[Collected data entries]
*** Block opens ***
(* Let $V$ be a space. (i) $V$ is CM if and only if $V$ is homothetic to $\mathbb{Q}(\sqrt{-d})$ for some squarefree positive integer $d$. (ii) For a squarefree positive integer $d\neq 1,3$, the rational angles in $\mathbb{Q}(\sqrt{-d})$ are, up to equivalence, precisely those of the form $(v,\sqrt{-d}\,v)$ with $v\in\mathbb{Q}(\sqrt{-d})\setminus\{0\}$. (iii) The rational angles in $\mathbb{Q}(i)$ are, up to equivalence, precisely those of the form $(v,\lambda v)$ with $v\in\mathbb{Q}(i)\setminus\{0\}$ and $\lambda\in\{i,i+1,i-1\}$. (iv) The rational angles in $\mathbb{Q}(\sqrt{-3})$ are, up to equivalence, precisely those of the form $(v,\lambda v)$ with $v\in\mathbb{Q}(\sqrt{-3})\setminus\{0\}$ and $\lambda\in\{\sqrt{-3},\zeta,\zeta-1,\zeta+1,\zeta+2\}$, where $\zeta=\frac{-1+\sqrt{-3}}{2}$.
   Context: A space is a $2$-dimensional $\mathbb{Q}$-vector subspace $V\subset\mathbb{C}$ containing two $\mathbb{R}$-linearly independent vectors. Spaces $V_1,V_2$ are homothetic if $V_2=\lambda V_1$ for some $\lambda\in\mathbb{C}^*$. $V$ is CM (has complex multiplication) if there is $\lambda\in\mathbb{C}\setminus\mathbb{Q}$ with $\lambda V\subseteq V$. A rational angle of $V$ is an ordered pair of distinct lines $(\mathbb{R}v_1,\mathbb{R}v_2)$, written $(v_1,v_2)$, with $v_1,v_2\in V\setminus\{0\}$, $v_2/v_1\notin\mathbb{R}$ and $\arg(v_2/v_1)\in\mathbb{Q}\pi$. Two rational angles are equivalent if one is obtained from the other by swapping the two lines. *)

From mathcomp Require Import all_boot all_algebra.
From mathcomp Require Import reals trigo.
From mathcomp Require Export complex.
Set Implicit Arguments. Unset Strict Implicit. Unset Printing Implicit Defensive.
Import GRing.Theory Num.Theory.
Local Open Scope ring_scope.
Local Open Scope complex_scope.

Section Defs.
Variable R : realType.
Local Notation C := R[i].

Definition is_realC (z : C) : Prop := exists r : R, z = r%:C.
*** Block closes ***
Would you copy out exactly the lines from the one holding "Set Implicit Arguments." through the end of the entries above, both ends included?

--- Written reply ---
Set Implicit Arguments. Unset Strict Implicit. Unset Printing Implicit Defensive.
Import GRing.Theory Num.Theory.
Local Open Scope ring_scope.
Local Open Scope complex_scope.

Section Defs.
Variable R : realType.
Local Notation C := R[i].

Definition is_realC (z : C) : Prop := exists r : R, z = r%:C.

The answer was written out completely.